As a single type representing the hazy notion of a "path" (which the standard library needs anyway, for use with File::open() and create_dir(), etc.) I think PathBuf is pretty reasonable. I'd definitely like to see an API with separate newtypes for absolute and relative paths, though, and I'd like to try it out to see if it's as pleasant to use as it would be to design. Battle-testing such an API could definitely be done in a third-party crate, though, and the methods proposed in this RFC would make it even easier.
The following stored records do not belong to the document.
(* Let $\vec H$ be a DAG. Then there exist graphs $H_1,H_2\in\mathcal G_{\vec H}$ such that $\mathrm{td}(H_1)\le \mathrm{dtd}(\vec H)\le \mathrm{td}(H_2)$.
   Context: For a DAG $\vec H$, a source is a vertex of in-degree $0$; $S$ denotes the set of sources and $N$ the set of non-sources; $R(s)$ is the set of vertices reachable from $s$. $\mathrm{Bip}(\vec H)$ is the bipartite graph with parts $S$ and $N$ in which $s\in S$ and $v\in N$ are adjacent iff $v\in R(s)$. $\mathcal G_{\vec H}$ is the set of all graphs obtained from $\mathrm{Bip}(\vec H)$ by contracting, for each non-source $v$, one edge incident to $v$ (so that all non-sources are eliminated and the resulting graph has vertex set $S$). Equivalently, for a choice of map $f:N\to S$ with $v\in R(f(v))$, the graph has vertex set $S$ and distinct $s,s'$ adjacent iff there is $v\in N$ with $v\in R(s)\cap R(s')$ and $f(v)\in\{s,s'\}$. A DAG elimination forest of $\vec H$ is defined recursively: if $\vec H$ is empty, it is empty; if the underlying undirected graph is disconnected, it is the union of DAG elimination forests of its components; if connected with exactly one source $s$, it is the single-node tree $s$; otherwise it is a tree whose root is an arbitrarily chosen source $s$ and whose subtrees are the trees of a DAG elimination forest of the DAG obtained by deleting $s$ and all vertices reachable from $s$. The depth of a rooted forest is the maximum number of nodes on a root-to-leaf path; $\mathrm{dtd}(\vec H)$ is the minimum depth of a DAG elimination forest. $\mathrm{td}$ denotes the usual treedepth of an undirected graph. *)

From mathcomp Require Import all_boot.
Set Implicit Arguments. Unset Strict Implicit. Unset Printing Implicit Defensive.

Section Defs.
Variable T : finType.

Definition acyclic (e : rel T) : Prop :=
  forall x y, e x y -> ~~ connect e y x.

Definition restr (r : rel T) (V : {set T}) : rel T :=
  [rel x y | [&& x \in V, y \in V & r x y]].

Definition ucon (r : rel T) (V : {set T}) : rel T :=
  [rel x y | [&& x \in V, y \in V & r x y || r y x]].

Definition uconnected (r : rel T) (V : {set T}) : bool :=
  (V != set0) && [forall x in V, forall y in V, connect (ucon r V) x y].

Definition comp (r : rel T) (V : {set T}) (x : T) : {set T} :=
  [set y in V | connect (ucon r V) x y].

Definition sources (e : rel T) : {set T} := [set s | [forall x, ~~ e x s]].
Definition nonsources (e : rel T) : {set T} := ~: sources e.

Definition reach (e : rel T) (s : T) : {set T} := [set v | connect e s v].

Definition is_source_in (e : rel T) (V : {set T}) (s : T) : bool :=
  (s \in V) && [forall x in V, ~~ e x s].
Definition reach_in (e : rel T) (V : {set T}) (s : T) : {set T} :=
  [set v in V | connect (restr e V) s v].

(* dtd_le e V k : the sub-DAG induced on V has a DAG elimination forest of
   depth at most k.  The three constructors follow the recursive definition:
   empty DAG -> empty forest (depth 0);
   disconnected -> union of forests of the components (depth = max);
   connected -> tree rooted at a source s whose subtrees form a forest of the
   DAG obtained by deleting s and all vertices reachable from s
   (depth = 1 + depth of that forest; the one-source case is the instance
   where the remaining DAG is empty). *)
Inductive dtd_le (e : rel T) : {set T} -> nat -> Prop :=
| dtd_empty k : dtd_le e set0 k
| dtd_disc V k : V != set0 -> ~~ uconnected e V ->
    (forall x, x \in V -> dtd_le e (comp e V x) k) -> dtd_le e V k
| dtd_conn V s k : uconnected e V -> is_source_in e V s ->
    dtd_le e (V :\: reach_in e V s) k -> dtd_le e V k.+1.

Definition is_dtd (e : rel T) (d : nat) : Prop :=
  dtd_le e [set: T] d /\ forall k, dtd_le e [set: T] k -> d <= k.

(* td_le g V k : the undirected graph with adjacency g (symmetrised),
   induced on V, has treedepth at most k, via the standard recursive
   definition: td(empty) = 0; td = max over components if disconnected;
   td = 1 + min_v td(G - v) if connected. *)
Inductive td_le (g : rel T) : {set T} -> nat -> Prop :=
| td_empty k : td_le g set0 k
| td_disc V k : V != set0 -> ~~ uconnected g V ->
    (forall x, x \in V -> td_le g (comp g V x) k) -> td_le g V k
| td_conn V v k : uconnected g V -> v \in V ->
    td_le g (V :\ v) k -> td_le g V k.+1.

Definition is_td (g : rel T) (V : {set T}) (t : nat) : Prop :=
  td_le g V t /\ forall k, td_le g V k -> t <= k.

Definition valid_contraction (e : rel T) (f : T -> T) : Prop :=
  forall v, v \in nonsources e -> (f v \in sources e) /\ (v \in reach e (f v)).

Definition contr_adj (e : rel T) (f : T -> T) : rel T :=
  [rel s s' | (s != s') &&
     [exists v, [&& v \in nonsources e, v \in reach e s, v \in reach e s'
                 & (f v == s) || (f v == s')]]].

Definition in_GH (e : rel T) (g : rel T) : Prop :=
  exists f, valid_contraction e f /\ g =2 contr_adj e f.

End Defs.

(* For every admissible contraction map f, an elimination of the contraction
   graph G_f yields a DAG elimination forest of the same depth: deleting a
   source s of G_f corresponds to deleting s together with everything it
   reaches, which removes exactly s from the sources, and G_f is connected
   whenever the DAG is, because every non-source is contracted into a source
   reaching it.  Hence dtd <= td(G_f) for every f.  Conversely, following an
   optimal DAG elimination forest we build a map f with td(G_f) <= dtd:
   components are treated independently, and at a root s everything
   reachable from s is contracted into s, so that G_f minus s is a subgraph of
   the contraction graph of the remaining DAG. *)

From mathcomp Require Import all_boot zify.
From Stdlib Require Import Classical IndefiniteDescription.
(* Imported last, so that [comp] is the component of a vertex rather than
   function composition. *)
Set Implicit Arguments. Unset Strict Implicit. Unset Printing Implicit Defensive.

Section Components.
Variable T : finType.
Implicit Types (g : rel T) (W : {set T}).

Lemma ucon_sym g W : symmetric (ucon g W).
Proof. by move=> x y; rewrite /ucon /= orbC andbCA. Qed.

Lemma ucon_connect_sym g W : connect_sym (ucon g W).
Proof. exact/sym_connect_sym/ucon_sym. Qed.

Lemma connect_invariant (r : rel T) (P : T -> Prop) x y :
  (forall a b, r a b -> P a -> P b) -> connect r x y -> P x -> P y.
Proof.
move=> rP /connectP[p + ->]; elim: p x => //= a p IHp x /andP[xa pa] Px.
exact: IHp a pa (rP _ _ xa Px).
Qed.

Lemma comp_sub g W x : comp g W x \subset W.
Proof. by apply/subsetP=> y /setIdP[]. Qed.

Lemma mem_comp g W x : x \in W -> x \in comp g W x.
Proof. by move=> xW; rewrite inE xW connect0. Qed.

Lemma comp_connect g W x y : y \in comp g W x -> connect (ucon g W) x y.
Proof. by case/setIdP. Qed.

Lemma comp_ucon g W x a b :
  a \in comp g W x -> ucon g W a b -> b \in comp g W x.
Proof.
case/setIdP=> _ xa ab; rewrite inE (connect_trans xa (connect1 ab)) andbT.
by case/and3P: ab.
Qed.

Lemma comp_trans g W x y : y \in comp g W x -> comp g W y = comp g W x.
Proof.
move=> /comp_connect xy; apply/setP=> z; rewrite !inE; congr (_ && _).
apply/idP/idP; first exact: connect_trans.
by apply: connect_trans; rewrite ucon_connect_sym.
Qed.

Lemma uconnected_comp g W x : x \in W -> uconnected g (comp g W x).
Proof.
move=> xW; set C := comp g W x; have xC : x \in C := mem_comp g xW.
have path_in z p : z \in C -> path (ucon g W) z p -> connect (ucon g C) z (last z p).
  elim: p z => /= [|a p IHp] z zC; first by rewrite connect0.
  case/andP=> za pa; have aC := comp_ucon zC za.
  apply: connect_trans (connect1 _) (IHp a aC pa).
  by rewrite /ucon /= zC aC; case/and3P: za.
have from_x y : y \in C -> connect (ucon g C) x y.
  by case/comp_connect/connectP=> p xp ->; apply: path_in.
apply/andP; split; first by apply/set0Pn; exists x.
apply/forall_inP=> y yC; apply/forall_inP=> z zC.
by apply: connect_trans (from_x z zC); rewrite ucon_connect_sym from_x.
Qed.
For new APIs or anyone attempting to push for a "rename" (deprecate join, create new fn), another option is merge.

Doesn't that kind of prove the point that it is entirely misnamed and misleading in its functionality? I think that is what many of the posters are getting at (or at least that's how I'm reading the discussion). It seems quite odd to me as well that a method called "join" might "replace" depending on its argument. That is entirely surprising behavior whether or not it is appropriately documented or desirable in most circumstances behavior.

This is a little different, IMO. This is comparing a join utility function/method, rather than an instance method. Personally, join behaves exactly as I expected it to, probably because I'm most familiar with ruby's Pathname class:

require 'pathname'

p = Pathname.new("some")     => #<Pathname:some>
p.join("/path", "yknow")     => #<Pathname:/path/yknow>

For me, operating on an existing PathBuf, I expect join to give me the equivalent to changing around directories in a filesystem, and rely on this behavior to allow a user to specify a path which is either absolute or relative to some other (often non-cwd) directory. This is the relative-to-Cargo.toml behavior.

On the other hand, a hypothetical (variadic) PathBuf::join("some", "/path", "yknow") I'd expect to mirror the ruby/node utility functions.

Just for completeness, there's also this:

println!("{:?}", ["some", "/path", "yknow"].iter().collect::<PathBuf>());
=> /path/yknow

I do agree that join as a name is, at best, vague. Also, I think referring to these as "non-destructive" is a little unclear -- I initially thought you meant the operations returned a new PathBuf, rather than altering the existing buffer.

And I guess we could bikeshed these until the end of time, but the difference between append, push, concat and join feels semantically vague. Thanks to ruby and javascript, I'll never really know what to expect from concat. Ruby's concat mutates the receiver in place, js returns a newly allocated object. Wheeeee. :smiley:

Finally, I think relying on the current working directory for anything related to generate relative paths is not a good idea. (OTOH, I don't totally understand the reasoning around needing to get the CWD, so I might be missing something.) The relative_path_from method in ruby's Pathname class has worked well for my use-cases.